Voir en ligne : L’envers du droit

N°8 - Novembre 2000

Louis Favoreu

Pouvez-vous vous présenter aux étudiants ?

J’ai été étudiant en droit à la faculté de Paris jusqu’au doctorat, et assistant des Professeurs Vedel et Waline, puis chargé de cours à la Faculté de Droit de Dijon avant de devenir agrégé des Facultés de Droit. Nommé ici en 1967, d’abord en service à l’Institut d’études juridiques de la Réunion, je suis revenu à Aix, dont j’ai été le doyen de la faculté de droit de 1973 à 1978 et Président de cette université de 1978 à 1983. Je suis un des plus anciens professeurs en exercice, ou peut-être le plus ancien. Je suis, en outre, depuis 1997 juge international à la Cour constitutionnelle de Bosnie-Herzégovine.

A votre avis, changeons-nous de régime avec l’instauration du Quinquennat ?

Quand j’étais membre du comité Vedel qui en 1992-93 qui a étudié des propositions de révision de la Constitution à la demande du Président de la République, je faisais partie de ceux qui étaient très sceptiques quant aux effets d’un changement opéré par l’institution du quinquennat et par l’abandon du septennat. Je n’ai pas fondamentalement changé d’avis. Les prévisions sont extrêmement contradictoires et personnellement je ne me sens pas à même d’en faire. C’est ce que j’ai dit au Président de la République lorsqu’il a consulté trois professeurs : Georges Vedel et Guy Carcassonne, partisans du quinquennat, et moi-même dont il savait que j’étais nettement plus réservé.

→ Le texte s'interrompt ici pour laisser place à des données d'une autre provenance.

Lemma TEA_of_J y z g : J y g -> J z g -> TEA y z.
Proof.
move=> [dg gy] [_ gz]; apply/le_anti/andP; split; first exact: ler_normD.
by have := dual_unit_sphere_le (y + z) dg; rewrite (lin_functionalD dg.1) gy gz.
Qed.

End DualUnitSphere.

Section HahnBanach.
Variables (R : realType) (Y : normedModType R).
Implicit Types (M : set Y) (f : Y -> R) (y z : Y).

Definition is_subspace M := M 0 /\ forall a u v, M u -> M v -> M (a *: u + v).

Definition dominated_on M f :=
  (forall a u v, M u -> M v -> f (a *: u + v) = a * f u + f v) /\
  (forall u, M u -> f u <= `|u|).

Definition adjoin M z : set Y := [set w | exists m a, M m /\ w = m + a *: z].

Definition adjoins M (zs : seq Y) : set Y := foldr (fun z N => adjoin N z) M zs.

Lemma is_subspaceZ M a u : is_subspace M -> M u -> M (a *: u).
Proof. by case=> M0 Ml Mu; rewrite -[_ *: _]addr0; apply: Ml. Qed.

Lemma is_subspaceD M u v : is_subspace M -> M u -> M v -> M (u + v).
Proof. by case=> _ Ml Mu Mv; rewrite -[u]scale1r; apply: Ml. Qed.

Lemma is_subspace_sum M (I : Type) (r : seq I) (P : pred I) (G : I -> Y) :
  is_subspace M -> (forall i, P i -> M (G i)) -> M (\sum_(i <- r | P i) G i).
Proof.
move=> sM MG; apply: big_ind => //; first exact: sM.1.
by move=> u v; apply: is_subspaceD.
Qed.

Lemma adjoin_subspace M z : is_subspace M -> is_subspace (adjoin M z).
Proof.
case=> M0 Ml; split; first by exists 0, 0; rewrite scale0r addr0.
move=> a u v [m1 [a1 [Mm1 ->]]] [m2 [a2 [Mm2 ->]]].
exists (a *: m1 + m2), (a * a1 + a2); split; first exact: Ml.
by rewrite scalerDr scalerDl scalerA addrACA.
Qed.

Lemma sub_adjoin M z : M `<=` adjoin M z.
Proof. by move=> m Mm; exists m, 0; rewrite scale0r addr0. Qed.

Aurait-il mieux valu accompagner ce quinquennat sec d’autres réformes constitutionnelles pour moderniser la vie politique française ?

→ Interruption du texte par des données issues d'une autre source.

(* Let $n\ge1$ and let $\mathcal{S}\subseteq\mathbb{R}_{++}$ be a finite set. A function $g:\overline{\mathcal{S}}^n\to[0,1]$ belongs to $\mathcal{G}_n(\mathcal{S})$ if and only if there exists $G\in\mathcal{G}_n(\mathbb{R}_{++})$ such that $g$ is the restriction of $G$ to $\overline{\mathcal{S}}^n$.
   Context: For $D\subseteq\mathbb{R}$ put $\overline{D}=D\cup\{0\}\cup\{\infty\}$ (so $\overline{\mathbb{R}_{++}}=[0,\infty]$). For $\mathbf{x}\le\mathbf{y}$ (coordinatewise) let $V_{xy}=\{x_1,y_1\}\times\cdots\times\{x_n,y_n\}$, and for $\mathbf{b}\in V_{xy}$ let $\mathrm{sgn}(\mathbf{b})=1$ if $b_i=x_i$ for an even number of indices $i$ and $-1$ otherwise. A function $G$ is $n$-increasing on $\overline{D}^n$ if $\sum_{\mathbf{b}\in V_{xy}}\mathrm{sgn}(\mathbf{b})G(\mathbf{b})\ge0$ for all $\mathbf{x}\le\mathbf{y}$ in $\overline{D}^n$. For $\mathcal{S}\subseteq\mathbb{R}_{++}$, $\mathcal{G}_n(\mathcal{S})$ is the set of functions $G:\overline{\mathcal{S}}^n\to[0,1]$ that are right continuous on $\overline{\mathcal{S}}^n$, $n$-increasing on $\overline{\mathcal{S}}^n$, satisfy $G(\mathbf{z})=0$ whenever at least one $z_i=0$, and satisfy $G(\infty,\dots,\infty)=1$. *)

From HB Require Import structures.
From mathcomp Require Import all_boot all_order all_algebra.
From mathcomp Require Import all_classical all_reals.
From mathcomp Require Import ereal.
Set Implicit Arguments. Unset Strict Implicit. Unset Printing Implicit Defensive.
Import Order.TTheory GRing.Theory Num.Theory.
Local Open Scope classical_set_scope.
Local Open Scope ring_scope.

Definition Dbar (R : realType) (D : set R) : set (\bar R) :=
  [set x | x = 0%E \/ x = +oo%E \/ exists2 r, D r & x = r%:E].

Definition in_Dbarn (R : realType) (n : nat) (D : set R) (z : 'I_n -> \bar R) :=
  forall i, Dbar D (z i).

Definition vle (R : realType) (n : nat) (x y : 'I_n -> \bar R) :=
  forall i, (x i <= y i)%E.

Definition vertex (R : realType) (n : nat) (x y : 'I_n -> \bar R)
  (b : {ffun 'I_n -> bool}) : 'I_n -> \bar R :=
  fun i => if b i then y i else x i.

Definition vsgn (R : realType) {n : nat} (b : {ffun 'I_n -> bool}) : R :=
  (-1) ^+ #|[pred i | ~~ b i]|.

Definition n_increasing (R : realType) (n : nat) (D : set R)
  (G : ('I_n -> \bar R) -> R) :=
  forall x y, in_Dbarn D x -> in_Dbarn D y -> vle x y ->
    0 <= \sum_(b : {ffun 'I_n -> bool}) vsgn R b * G (vertex x y b).

(* right continuity on \overline{D}^n (w.r.t. the order topology of [0,∞]):
   for y in the domain with y >= x and y_i <= x_i + delta for all i
   (when x_i = +oo this forces y_i = +oo), |G y - G x| < eps. *)
Definition right_continuous_on (R : realType) (n : nat) (D : set R)
  (G : ('I_n -> \bar R) -> R) :=
  forall x, in_Dbarn D x -> forall eps : R, 0 < eps ->
    exists2 delta : R, 0 < delta &
      forall y, in_Dbarn D y -> vle x y ->
        (forall i, (y i <= x i + delta%:E)%E) -> `|G y - G x| < eps.

(* \mathcal{G}_n(S): G is only considered on \overline{S}^n *)
Definition in_Gn (R : realType) (n : nat) (S : set R)
  (G : ('I_n -> \bar R) -> R) :=
  [/\ forall z, in_Dbarn S z -> 0 <= G z <= 1,
      right_continuous_on S G,
      n_increasing S G,
      forall z, in_Dbarn S z -> (exists i, z i = 0%E) -> G z = 0
    & G (fun _ => +oo%E) = 1].

Definition Rpp (R : realType) : set R := [set r | 0 < r].
Arguments Rpp R : clear implicits.

(** Round every coordinate down to the largest point of [\overline{S}] below
    it.  This rounding is monotone, fixes [\overline{S}], and, since the
    finitely many points of [S] are isolated, is constant on a right
    neighbourhood of every point.  So [g] composed with it is right continuous
    whatever [g] is, inherits [n]-monotonicity and the boundary conditions
    from [g], and extends [g] to [\overline{R_{++}}^n].  Conversely, every
    condition defining [G_n] passes to restrictions. *)

From mathcomp Require Import all_boot all_order all_algebra.
From mathcomp Require Import all_classical all_reals.
From mathcomp Require Import ereal lra.
Import Order.TTheory GRing.Theory Num.Theory.
Local Open Scope classical_set_scope.
Local Open Scope ring_scope.

Set Implicit Arguments.
Unset Strict Implicit.
Unset Printing Implicit Defensive.

Section Dbar.
Variable R : realType.

Lemma Dbar_subset (S T : set R) : S `<=` T -> Dbar S `<=` Dbar T.
Proof.
by move=> ST w [->|[->|[r /ST Tr ->]]]; [left|right; left|right; right; exists r].
Qed.

Lemma Dbar_Rpp_ge0 (w : \bar R) : Dbar (Rpp R) w -> (0 <= w)%E.
Proof. by move=> [->|[->|[r r0 ->]]] //; rewrite lee_fin ltW. Qed.

Lemma Dbar0 (S : set R) : Dbar S 0%E.
Proof. by left. Qed.

Lemma Dbaroo (S : set R) : Dbar S +oo%E.
Proof. by right; left. Qed.

End Dbar.

Lemma comp_vertex (R : realType) (n : nat) (phi : \bar R -> \bar R)
    (x y : 'I_n -> \bar R) (b : {ffun 'I_n -> bool}) :
  phi \o vertex x y b = vertex (phi \o x) (phi \o y) b.
Proof. by apply: funext => i; rewrite /vertex /=; case: (b i). Qed.

Lemma in_Gn_restrict (R : realType) (n : nat) (S T : set R)
    (G g : ('I_n -> \bar R) -> R) :
  S `<=` T -> in_Gn T G -> (forall z, in_Dbarn S z -> g z = G z) ->
  in_Gn S g.
Proof.
move=> ST [G01 Grc Ginc G0 G1] gG.
have DST (z : 'I_n -> \bar R) : in_Dbarn S z -> in_Dbarn T z.
  by move=> Sz i; exact: Dbar_subset (Sz i).
split.
- by move=> z Sz; rewrite gG //; apply/G01/DST.
- move=> x Sx eps eps0; have [d d0 Hd] := Grc x (DST x Sx) eps eps0.
  by exists d => // y Sy xy yd; rewrite !gG //; apply: Hd => //; exact: DST.
- move=> x y Sx Sy xy.
  rewrite (eq_bigr (fun b => vsgn R b * G (vertex x y b))) => [|b _].
    by apply: Ginc => //; exact: DST.
  by rewrite gG // => i; rewrite /vertex; case: (b i).
- by move=> z Sz zi; rewrite gG // G0 //; exact: DST.
- by rewrite gG // => i; exact: Dbaroo.
Qed.

Lemma uniform_pos_bound (R : realType) (I : finType) (P : I -> R -> Prop) :
  (forall i d d', 0 < d' -> d' <= d -> P i d -> P i d') ->
  (forall i, exists2 d, 0 < d & P i d) ->
  exists2 d, 0 < d & forall i, P i d.
Proof.
move=> Pmono Pex; have /choice[d dP] : forall i, exists d, 0 < d /\ P i d.
  by move=> i; have [d d0 Pd] := Pex i; exists d.
have m0 : 0 < \big[Num.min/1]_i d i by apply: lt_bigmin => // i; case: (dP i).
exists (\big[Num.min/1]_i d i) => // i; have [_ Pd] := dP i.
by apply: Pmono Pd => //; exact: bigmin_le.
Qed.

Lemma seq_gap (R : realType) (B : seq R) (r : R) :
  exists2 d, 0 < d & forall s, s \in B -> r < s -> r + d < s.
Proof.
set m := \big[Num.min/1]_(s <- B | r < s) (s - r).
have m0 : 0 < m by apply: lt_bigmin => // s rs; rewrite subr_gt0.
exists (m / 2) => [|s sB rs]; first by rewrite divr_gt0.
have : m <= s - r by apply: ge_bigmin_seq.
lra.
Qed.

Section Composition.
Variables (R : realType) (n : nat) (S T : set R) (phi : \bar R -> \bar R).
Hypothesis phi_Dbar : forall w, Dbar T w -> Dbar S (phi w).
Hypothesis phi_homo : forall w w', Dbar T w -> Dbar T w' ->
  (w <= w')%E -> (phi w <= phi w')%E.
Hypothesis phi0 : phi 0%E = 0%E.
Hypothesis phioo : phi +oo%E = +oo%E.
Hypothesis phi_right_const : forall w, Dbar T w ->
  exists2 d : R, 0 < d & forall y, Dbar T y ->
    (w <= y)%E -> (y <= w + d%:E)%E -> phi y = phi w.

Let phi_Dbarn (z : 'I_n -> \bar R) : in_Dbarn T z -> in_Dbarn S (phi \o z).
Proof. by move=> Tz i; exact: phi_Dbar. Qed.

Lemma right_continuous_comp (g : ('I_n -> \bar R) -> R) :
  right_continuous_on T (fun z => g (phi \o z)).
Proof.
move=> x Tx eps eps0.
pose P i d := forall y, Dbar T y -> (x i <= y)%E -> (y <= x i + d%:E)%E ->
  phi y = phi (x i).
have [|i|d d0 Pd] := @uniform_pos_bound R _ P.
- move=> i d d' _ d'd Pi y Ty xy yd; apply: Pi => //.
  by apply: le_trans yd _; rewrite leeD2l // lee_fin.
- exact: phi_right_const.
exists d => // y Ty xy yd.
have -> : phi \o y = phi \o x by apply: funext => i; exact: Pd.
by rewrite subrr normr0.
Qed.

Lemma n_increasing_comp (g : ('I_n -> \bar R) -> R) :
  n_increasing S g -> n_increasing T (fun z => g (phi \o z)).
Proof.
move=> ginc x y Tx Ty xy.
under eq_bigr => b _ do rewrite comp_vertex.
by apply: ginc; [exact: phi_Dbarn|exact: phi_Dbarn|move=> i; exact: phi_homo].
Qed.

Lemma in_Gn_comp (g : ('I_n -> \bar R) -> R) :
  in_Gn S g -> in_Gn T (fun z => g (phi \o z)).
Proof.
move=> [g01 _ ginc g0 g1]; split.
- by move=> z Tz; apply/g01/phi_Dbarn.
- exact: right_continuous_comp.
- exact: n_increasing_comp.
- by move=> z Tz [i zi]; apply: g0; [exact: phi_Dbarn|exists i; rewrite /= zi].
- by rewrite -g1; congr g; apply: funext => i /=.
Qed.

End Composition.

Section Efloor.
Variables (R : realType) (B : seq R).

(* For [z < 0] the value is the junk [0]. *)
Definition efloor (z : \bar R) : \bar R :=
  \big[Order.max/0%E]_(w <- +oo%E :: map EFin B | (w <= z)%E) w.

Lemma efloor_Dbar z : Dbar [set` B] (efloor z).
Proof.
rewrite /efloor big_seq_cond; elim/big_ind: _ => [|u v Du Dv|w].
- exact: Dbar0.
- by rewrite /Order.max; case: ifP.
- rewrite inE => /andP[/predU1P[->|/mapP[r rB ->]] _]; first exact: Dbaroo.
  by right; right; exists r.
Qed.

Lemma efloor_le z : (0 <= z)%E -> (efloor z <= z)%E.
Proof. by move=> z0; apply: bigmax_le. Qed.

Lemma le_efloor z w : Dbar [set` B] w -> (w <= z)%E -> (w <= efloor z)%E.
Proof.
move=> [->|[->|[r rB ->]]] wz; rewrite /efloor; first exact: bigmax_ge_id.
- exact: (@le_bigmax_seq _ _ _ _ _ +oo%E _ id (mem_head _ _) wz).
- by apply: (@le_bigmax_seq _ _ _ _ _ r%:E _ id _ wz); rewrite inE map_f ?orbT.
Qed.

Lemma efloor_id w : (0 <= w)%E -> Dbar [set` B] w -> efloor w = w.
Proof. by move=> w0 Bw; apply: le_anti; rewrite efloor_le //= le_efloor. Qed.

Lemma efloor_homo z z' : (0 <= z)%E -> (z <= z')%E -> (efloor z <= efloor z')%E.
Proof.
move=> z0 zz'; apply: le_efloor; first exact: efloor_Dbar.
exact: le_trans (efloor_le z0) zz'.
Qed.

Lemma efloor_right_const z : (0 <= z)%E ->
  exists2 d : R, 0 < d & forall y,
    (z <= y)%E -> (y <= z + d%:E)%E -> efloor y = efloor z.
Proof.
case: z => [r| |] // r0.
  have [d d0 gap] := seq_gap B r.
  exists d => // y ry yrd; apply: le_anti; rewrite (efloor_homo r0 ry) andbT.
  have y0 : (0 <= y)%E by exact: le_trans ry.
  have fy := le_trans (efloor_le y0) yrd.
  apply: le_efloor; first exact: efloor_Dbar.
  case: (efloor_Dbar y) fy => [->//|[->|[s sB ->]]]; first by rewrite leye_eq.
  rewrite lee_fin => srd.
  by rewrite leNgt; apply/negP => /(gap s sB); rewrite ltNge srd.
by exists 1 => // y; rewrite leye_eq => /eqP ->.
Qed.

Lemma in_Gn_efloor (n : nat) (g : ('I_n -> \bar R) -> R) :
  in_Gn [set` B] g -> in_Gn (Rpp R) (fun z => g (efloor \o z)).
Proof.
apply: in_Gn_comp.
- by move=> w _; exact: efloor_Dbar.
- by move=> w w' /Dbar_Rpp_ge0 w0 _; exact: efloor_homo.
- by apply: efloor_id => //; exact: Dbar0.
- by apply: efloor_id => //; exact: Dbaroo.
- move=> w /Dbar_Rpp_ge0 /efloor_right_const[d d0 Hd].
  by exists d => // y _; exact: Hd.
Qed.

End Efloor.

Theorem lemma1 (R : realType) (n : nat) (S : set R)
  (hn : (0 < n)%N) (hS : S `<=` Rpp R) (hfin : finite_set S)
  (g : ('I_n -> \bar R) -> R) :
  in_Gn S g <->
  exists G : ('I_n -> \bar R) -> R,
    in_Gn (Rpp R) G /\ (forall z, in_Dbarn S z -> g z = G z).
Proof.
split=> [gS|[G [GRpp gG]]]; last exact: in_Gn_restrict hS GRpp gG.
have [B SB] := (finite_seqP S).1 hfin; subst S.
exists (fun z => g (efloor B \o z)); split; first exact: in_Gn_efloor.
move=> z Bz; congr g; apply: funext => i /=; rewrite efloor_id //.
exact/Dbar_Rpp_ge0/(Dbar_subset hS).
Qed.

Non, surtout pas. Je suis, depuis toujours, hostile aux changements du système institutionnel et ne cesse de dénoncer la tendance constatée de la classe politique française à vouloir tout changer, sans cesse, alors que dans la plupart des grandes démocraties contemporaines on ne touche pas aux institutions même si on n’est pas toujours satisfait de leur mode de fonctionnement. Ainsi en est-il en Grande-Bretagne et aux Etats-Unis, où le système institutionnel est le même depuis des siècles. Ainsi en est-il aussi en République fédérale d’Allemagne où, si l’on a opéré une cinquantaine de révisions constitutionnelles depuis 50 ans, on n’a jamais touché à l’essentiel et notamment à l’aménagement des pouvoirs. La France a, depuis 42 ans, un régime politique qui ne fonctionne pas si mal que ça, et il faut surtout se garder de la tentation de le "bricoler" sans arrêt et de vouloir jouer au Meccano constitutionnel. Attention de ne pas casser le système et de retourner dans l’instabilité qu’ont connues les républiques précédentes. En conséquence, mieux valait ne proposer que le changement de durée du mandat.

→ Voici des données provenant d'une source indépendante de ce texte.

(* Let $G$ be a finite connected multigraph and $D\in\operatorname{Div}(G)$. Then the limit $\lim_{\ell\to\infty} r(\ell D)/\ell$ exists (and hence equals $\operatorname{vol}^{\mathbb{T}}_G(D)$).
   Context: A multigraph allows loops and multiple edges; $G$ is finite and connected. $\operatorname{Div}(G)=\bigoplus_{v\in V(G)}\mathbb{Z}v$. For $f:V(G)\to\mathbb{Z}$, $\operatorname{div}(f)=\sum_v\big(\sum_{e\text{ non-loop edge joining }v\text{ to }w}(f(v)-f(w))\big)v$; $D\sim D'$ iff $D-D'$ is principal. $|D|=\{D'\ge 0: D'\sim D\}$. Baker--Norine rank: $r(D)=-1$ if $|D|=\varnothing$, otherwise $r(D)=\max\{d: |D-E|\ne\varnothing\ \forall E\ge 0,\ \deg E=d\}$. The tropical volume is $\operatorname{vol}^{\mathbb{T}}_G(D)=\limsup_{\ell\to\infty} r(\ell D)/\ell$. *)

From HB Require Import structures.
From mathcomp Require Import all_boot all_order all_algebra.
From mathcomp Require Import boolp.
Set Implicit Arguments. Unset Strict Implicit. Unset Printing Implicit Defensive.
Import Order.TTheory GRing.Theory Num.Theory.
Local Open Scope ring_scope.

(* A finite multigraph: finite vertex and edge types; each edge has two
   (possibly equal) endpoints.  Loops and parallel edges are allowed. *)
Record multigraph := MultiGraph {
  vert : finType;
  edge : finType;
  ends : edge -> vert * vert }.

Section Divisors.
Variable G : multigraph.

Definition adjacent : rel (vert G) :=
  fun v w => [exists e : edge G, (ends e == (v, w)) || (ends e == (w, v))].

Definition connected_graph : Prop := forall v w : vert G, connect adjacent v w.
Lemma phi_thetaI2_letter (I : {set 'I_g}) x :
  phi_thetaI2 I x = (if x.1 \in I then tbr (tlet x) (omega_on I) else 0) *+ 2.
Proof.
rewrite phi_thetaI2E; congr (_ *+ 2).
under eq_bigr do rewrite wedge_contract_ab (fun_if (fun u : tens g => tbr u (omega_on I))) tbr0l.
rewrite -big_mkcondr; case: ifPn => xI.
  by apply: big_pred1 => i /=; apply/andb_idl => /eqP->.
by rewrite big_pred0 // => i /=; apply/andP => -[iI /eqP ix]; rewrite -ix iI in xI.
Qed.
Lemma phi_thetaI2_lie_homog (I : {set 'I_g}) x :
  lie_elt (phi_thetaI2 I x) /\ homog 3 (phi_thetaI2 I x).
Proof.
rewrite phi_thetaI2_letter mulr2n; case: ifP => _; last first.
  by rewrite addr0; split; [exact: lie_elt0 x | move=> w].
split; first by apply/lie_add; apply/lie_br/(lie_elt_omega_on x)/lie_gen.
by apply/homogD; apply/(homog_tbr (m := 1))/homog_omega_on/homog_tlet.
Qed.

Lemma phi_thetaI2_derivation_term (I : {set 'I_g}) (k : 'I_g) :
  tbr (phi_thetaI2 I (a_ k)) (tlet (b_ k)) + tbr (tlet (a_ k)) (phi_thetaI2 I (b_ k)) =
  (if k \in I then tbr (omega_at k) (omega_on I) else 0) *+ 2.
Proof.
rewrite !phi_thetaI2_letter /=; case: ifP => _; last by rewrite mul0rn tbr0l tbr0r addr0.
by rewrite tbrMnl tbrMnr -mulrnDl tbr_jacobi.
Qed.

Lemma phi_thetaI2_derivation_sum (I : {set 'I_g}) :
  \sum_(k < g) (tbr (phi_thetaI2 I (a_ k)) (tlet (b_ k)) +
                tbr (tlet (a_ k)) (phi_thetaI2 I (b_ k))) = 0.
Proof.
under eq_bigr do rewrite phi_thetaI2_derivation_term.
by rewrite sumrMnl -big_mkcond -tbr_suml tbrxx mul0rn.
Qed.

End PhiThetaI2.

Theorem mainTheorem5 (g : nat) (I : {set 'I_g}) : in_Der2 (phi_thetaI2 I).
Proof.
split=> [c|]; first exact: phi_thetaI2_lie_homog.
apply: (eq_ind _ (@lie_ideal g) (@lie_ideal0 g)).
rewrite -(phi_thetaI2_derivation_sum I); apply: funext => w; exact: sum_tensE.
Qed.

Aurait-il fallu diminuer la durée du mandat des autres élus ?

Il ne faut pas toujours vouloir tout rationaliser, uniformiser : tout le monde à 5 ans, ou les sénateurs à 6 ans. Peut-être cela correspond-il au désir des français, mais cela correspond surtout au désir de la classe politique de tout changer. Un seul point peut-être pourrait être favorable : permettre l’entrée des femmes plus vite par un renouvellement plus fréquent. Mais la consultation électorale permanente n’est pas non plus satisfaisante.

Olivier Duhamel a constaté que nous avons voté chaque année depuis vingt ans sauf cette année. C’est très bien, mais n’est-ce pas trop ? Le système américain est-il bon parce qu’il y a des mandats courts qui obligent à voter sans arrêt, ce qui fait qu’on est toujours en campagne ?

La question mérite d’être posée.

Pensez-vous qu’un référendum ne puisse pas être adopté s’il ne réunit pas 51 % de "oui" des suffrages inscrits ?

Juridiquement, la réponse est non. Il n’est pas exigé, comme en Italie, que 50 % des électeurs inscrits aient voté. Il est vrai qu’en Italie, le vote est obligatoire.

Les très forts taux d’abstentions, de bulletins blancs et nuls sont-ils inquiétants pour la bonne marche de la démocratie en France ?

En tant que citoyen, je ne peux être satisfait de constater de tels taux d’abstention. La conquête du suffrage universel a connu une longue histoire dans notre pays, comme dans d’autres d’ailleurs, et il est choquant de voir les Français ne pas utiliser leur droit de vote alors que beaucoup d’individus, dans des pays moins favorisés, seraient heureux de le faire. En tant que spécialiste de droit constitutionnel comparé, cependant, je dois constater que l’abstention est un phénomène fréquent, même dans les grandes démocraties. Ainsi en Suisse et aux Etat-Unis, il est rare de franchir la barre des 50 % de votants et beaucoup de scrutins ont lieu avec une participation réduite sans doute parce qu’on vote beaucoup et sur beaucoup de questions.

Devrait-on instaurer un vote obligatoire ?

C’est contraire à la tradition française : le vote est un droit et non un devoir, en France, et il serait très difficile (et sans doute pas souhaitable) de changer cela. En toute hypothèse, il faudrait une révision de la Constitution.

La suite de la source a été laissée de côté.